Production for the company increased 1.7 percent in 2007 to $2.37 billion worth of rough, including stones mined at its subsidiary, ALROSA Nyurba. Yet, its dia-mond sales for the year declined 2.6 percent from $2.8 billion to $2.79 billion.

In 2006, the company’s total sales, along with those from Africa, totaled $3.4 billion. The final figures will probably be released following the shareholder meeting in June. So far, ALROSA has reported that the sales from the Angolan mining company Catoca LTD, where ALROSA holds 32.5 percent stake, were $451.4 million, a 6 percent increase over 2006.

Kommersant has reported that ALROSA, in its continuing diversification, has paid $225 million for a license to develop four iron ore deposits in its native Yakutia. The company is expected to spend up to $10 billion on the project over time.

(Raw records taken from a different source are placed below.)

Lemma mxtrace_gram_proj_diff : \tr (adjm D *m D) = (2%:R * (1 - cabs2 c))%:C.
Proof.
rewrite adjm_proj_diff {2}/proj_of mulmxBr !mulmxA mxtraceD raddfN /= !mxtrace_outer.
rewrite proj_diff_mul_u proj_diff_mul_v !cdotBr !cdotZr unit_u unit_v.
by rewrite [cdot v u]cdotC rmorphM /= rmorph_nat one_sub_cabs2C; ring.
Qed.

Lemma nrm2_proj_diff_mul_u : nrm2 (D *m u) = 1 - cabs2 c.
Proof.
apply: (@complexI R).
by rewrite -cdot_self cdot_mulmxl adjm_proj_diff proj_diff_sqr_mul_u cdotZr unit_u mulr1.
Qed.

Lemma one_sub_cabs2_cdot_ge0 : 0 <= 1 - cabs2 c.
Proof. by rewrite -nrm2_proj_diff_mul_u nrm2_ge0. Qed.

Lemma opnorm_proj_diff : opnorm D = Num.sqrt (1 - cabs2 c).
Proof.
have nrm2_u : nrm2 u = 1 by apply: (@complexI R); rewrite -cdot_self.
rewrite -nrm2_proj_diff_mul_u -vnormE; apply: opnorm_attained; first exact/vnorm_eq1.
move=> w /vnorm_eq1 unit_w; rewrite !vnormE ler_sqrt ?nrm2_ge0 //.
rewrite nrm2_proj_diff_mul_u.
exact: nrm2_mul_unit_le one_sub_cabs2_cdot_ge0 gram_proj_diff _ unit_w.
Qed.

Lemma tracenorm_proj_diff : tracenorm D = 2%:R * Num.sqrt (1 - cabs2 c).
Proof.
exact: tracenorm_gram_quasi_idem one_sub_cabs2_cdot_ge0 gram_proj_diff _ mxtrace_gram_proj_diff.
Qed.

End ProjectorDifference.

Lemma one_sub_prod_le_sum (R : realFieldType) n (p q : 'I_n -> R) :
  (forall i, 0 <= p i <= 1) -> (forall i, 1 - p i <= q i) ->
  1 - \prod_i p i <= \sum_i q i.
Proof.
elim: n p q => [|n IH] p q p01 le_pq; first by rewrite !big_ord0 subrr.
rewrite big_ord_recr [\sum_(i < n.+1) _]big_ord_recr /=.
set P := \prod_(i < n) _.
have P_ge0 : 0 <= P by apply: prodr_ge0 => i _; case/andP: (p01 (widen_ord (leqnSn n) i)).
have P_le1 : P <= 1 by apply: prodr_ile1 => i _; exact: p01.
have := IH _ (fun i => q (widen_ord (leqnSn n) i)) (fun i => p01 _) (fun i => le_pq _).
have := le_pq ord_max; case/andP: (p01 ord_max); rewrite -/P.
nra.
Qed.

Section ProductStates.
Variable R : realType.
Local Notation C := (R[i]).
Implicit Types (x y z a : C).

Local Notation qnorm z := (Num.sqrt (1 + cabs2 z)).

Lemma qnorm_gt0 x : 0 < qnorm x.
Proof. by rewrite sqrtr_gt0; have := cabs2_ge0 x; lra. Qed.

Lemma qnormC_neq0 x : (qnorm x)%:C != 0.
Proof. by rewrite (inj_eq (@complexI R)) gt_eqF ?qnorm_gt0. Qed.

Lemma qnormC_sqr x : (qnorm x)%:C * (qnorm x)%:C = 1 + x * x^*.
Proof.
rewrite -rmorphM /= -expr2 sqr_sqrtr; last by have := cabs2_ge0 x; lra.
by rewrite rmorphD /= cabs2C.
Qed.

Lemma qubit_amp_cdot z a :
  (qubit_amp z false)^* * qubit_amp a false + (qubit_amp z true)^* * qubit_amp a true
  = (1 + z^* * a) / ((qnorm z)%:C * (qnorm a)%:C).
Proof.
rewrite /qubit_amp !fmorph_div /= !conj_realc rmorph1.
by field; rewrite !qnormC_neq0.
Qed.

Appraisal: Catching Up With The World

The appraisal business is on the rise in Russia as more people buy jewelry and stones for both pleasure and as an investment. There are more than a dozen companies that have the right to issue certificates for diamonds and hundreds of small companies and individual appraisal specialists who can make a price evaluation of a stone or a piece of jewelry.

“The certificates market is growing at around 30 percent a year,” said Yuri Shelementiev of Moscow State University Gemological Center. “People are getting richer and they want to invest in stones,” said Anatoly Bocharov, the director of Smolensk Gemological Center, which has issued more than 1,000 certificates since its launch in March 2007.

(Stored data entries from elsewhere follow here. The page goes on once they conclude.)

(* Let $d_1,d_2,d_3,d_4\in\mathbb{C}^*$ satisfy $\sum_{k=1}^4 1/d_k=0$. There exists a quadratic Hamiltonian vector field on $\mathbb{C}^2$ with four distinct non-degenerate singular points $p_1,\dots,p_4$ such that the multiset $\{\det Dv(p_k)\}_{k=1}^4$ equals $\{d_1,\dots,d_4\}$ if and only if one of the following holds: (1) $d_j+d_k\ne0$ for all $j\ne k$; or (2) $\{d_1,\dots,d_4\}=\{d,-d,d,-d\}$ as multisets, for some $d\in\mathbb{C}^*$.
   Context: A quadratic Hamiltonian vector field is $v=P\,\partial_x+Q\,\partial_y$ with $\deg P,\deg Q\le 2$ and $P_x+Q_y\equiv0$. $Dv$ is the Jacobian matrix of $(P,Q)$. A singular point $p$ is non-degenerate if $\det Dv(p)\ne0$. For such $v$, $\operatorname{tr}Dv\equiv0$, so the spectrum at each singular point is determined by $\det Dv(p)$. *)

(* The field of complex numbers is modelled by an arbitrary
   numClosedFieldType C (algebraically closed, characteristic 0). *)
From HB Require Import structures.
From mathcomp Require Import all_boot all_order all_algebra.
Set Implicit Arguments. Unset Strict Implicit. Unset Printing Implicit Defensive.
Import Order.TTheory GRing.Theory Num.Theory.
Local Open Scope ring_scope.

Record qpoly (R : nzRingType) := QPoly {
  c00 : R; c10 : R; c01 : R; c20 : R; c11 : R; c02 : R }.

Definition qeval (R : comNzRingType) (f : qpoly R) (p : R * R) : R :=
  let: (x, y) := p in
  c00 f + c10 f * x + c01 f * y + c20 f * x ^+ 2 + c11 f * x * y + c02 f * y ^+ 2.

Definition qdx (R : comNzRingType) (f : qpoly R) (p : R * R) : R :=
  let: (x, y) := p in c10 f + c20 f *+ 2 * x + c11 f * y.
Definition qdy (R : comNzRingType) (f : qpoly R) (p : R * R) : R :=
  let: (x, y) := p in c01 f + c11 f * x + c02 f *+ 2 * y.

Record qvf (R : nzRingType) := QVF { vP : qpoly R; vQ : qpoly R }.

Definition hamiltonian (R : comNzRingType) (v : qvf R) : Prop :=
  forall p : R * R, qdx (vP v) p + qdy (vQ v) p = 0.

Definition Dv (R : comNzRingType) (v : qvf R) (p : R * R) : 'M[R]_2 :=
  \matrix_(i < 2, j < 2)
    if i == 0 :> nat then (if j == 0 :> nat then qdx (vP v) p else qdy (vP v) p)
    else (if j == 0 :> nat then qdx (vQ v) p else qdy (vQ v) p).

Definition singular_pt (R : comNzRingType) (v : qvf R) (p : R * R) : Prop :=
  qeval (vP v) p = 0 /\ qeval (vQ v) p = 0.

Definition nondegenerate (R : comNzRingType) (v : qvf R) (p : R * R) : Prop :=
  \det (Dv v p) != 0.

(* For a Hamiltonian quadratic field the Jacobian is trace free and affine in the point, so
   h(p) := det Dv(p) is quadratic. As P and Q are quadratic, the Jacobian at the midpoint of two
   singular points p, p' kills p' - p, whence 2 (h p + h p') = q (p' - p) with q the determinant of
   the linear part of the Jacobian. If h p1 + h p2 = 0, the relation sum_k 1 / h pk = 0 forces
   h p3 + h p4 = 0; then p2 - p1 and p4 - p3 are q-isotropic and q-orthogonal, hence parallel, and
   comparing the Jacobians at the two midpoints gives h p3 = +- h p1.
   Conversely, at the singular points (x_k, - psi x_k) of a suitable field, where
   prod_k (x - x_k) = psi(x)^2 + r1 x + r0, the value of h is c prod_(j != k) (x_k - x_j) for a
   constant c; choosing the x_k so that the weights 1 / d_k annihilate all polynomials of degree
   <= 2 realizes every admissible (d_k) without opposite pairs. The alternating case is realized
   by an explicit field. *)
From Pilot Require Import Defs.
From HB Require Import structures.
From mathcomp Require Import all_boot all_order all_algebra.
From mathcomp Require Import ring zify.
Import Defs.
Set Implicit Arguments. Unset Strict Implicit. Unset Printing Implicit Defensive.
Import Order.TTheory GRing.Theory Num.Theory.
Local Open Scope ring_scope.

Section Algebra.
Variable R : idomainType.

Lemma pair_neq0_mulf_eq0 (x w1 w2 : R) :
  (w1, w2) != (0, 0) -> x * w1 = 0 -> x * w2 = 0 -> x = 0.
Proof.
move=> w_neq0 /eqP; rewrite mulf_eq0 => /orP[/eqP //|/eqP w1_0] /eqP.
by rewrite mulf_eq0 => /orP[/eqP //|/eqP w2_0]; rewrite w1_0 w2_0 eqxx in w_neq0.
Qed.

Most of the demand comes from companies that sell jewelry. “Companies are pressured by the consumers who want to see the certificates for the stones they are buying,” said Shelementiev. The Russian Jewellers Guild has been calling on Russian jewelers to make a certificate a requirement, and many of the big companies have responded. “People want and appreciate transparency,” said Bocharov.

Russia is using its own system of color, clarity and other characteristics in the certificates but jewelers and those who do appraisals do not see any problem with that. Most of the companies issue certificates that have both Russian and Gemological Institute of America (GIA) characteristics. There are also special tables available that correlate the two systems. Yet, Shelementiev said some difficulties arise when stones are imported into the country. as there is no one-to-one correlation between the two charts.

While the demand is growing, there is still a shortage of professionals who can do appraisal work. “Few people were trained as specialists in the 1990s, so there is a shortage of people to do this work throughout the country,” said Shelementiev.

Marketplace 
  • 4/4-grainers in SI1 and better grades are steadily increasing in price.
  • 4/4-grainers in piqué and SI qualities, 6/4-grainers in SI2 qualities and ½-
   grainers in piqué qualities are moving relatively well because of stable
   supply.
  • 3- and 5-carats and larger stones of VS qualities and better colors are 
    difficult to find.
  • Pointers of SI qualities are weak, especially 30 pointers.
  • Fancy shapes of well-made stones are strong, while poorly made stones  
    are sold at a huge discount.
  • Heart-shaped pointers are very popular.
  • Capes of 4/4-grainers and 2-caraters are weak, while 3-caraters+ are
     sustaining their prices.
  • Smaller star-size melees are expensive.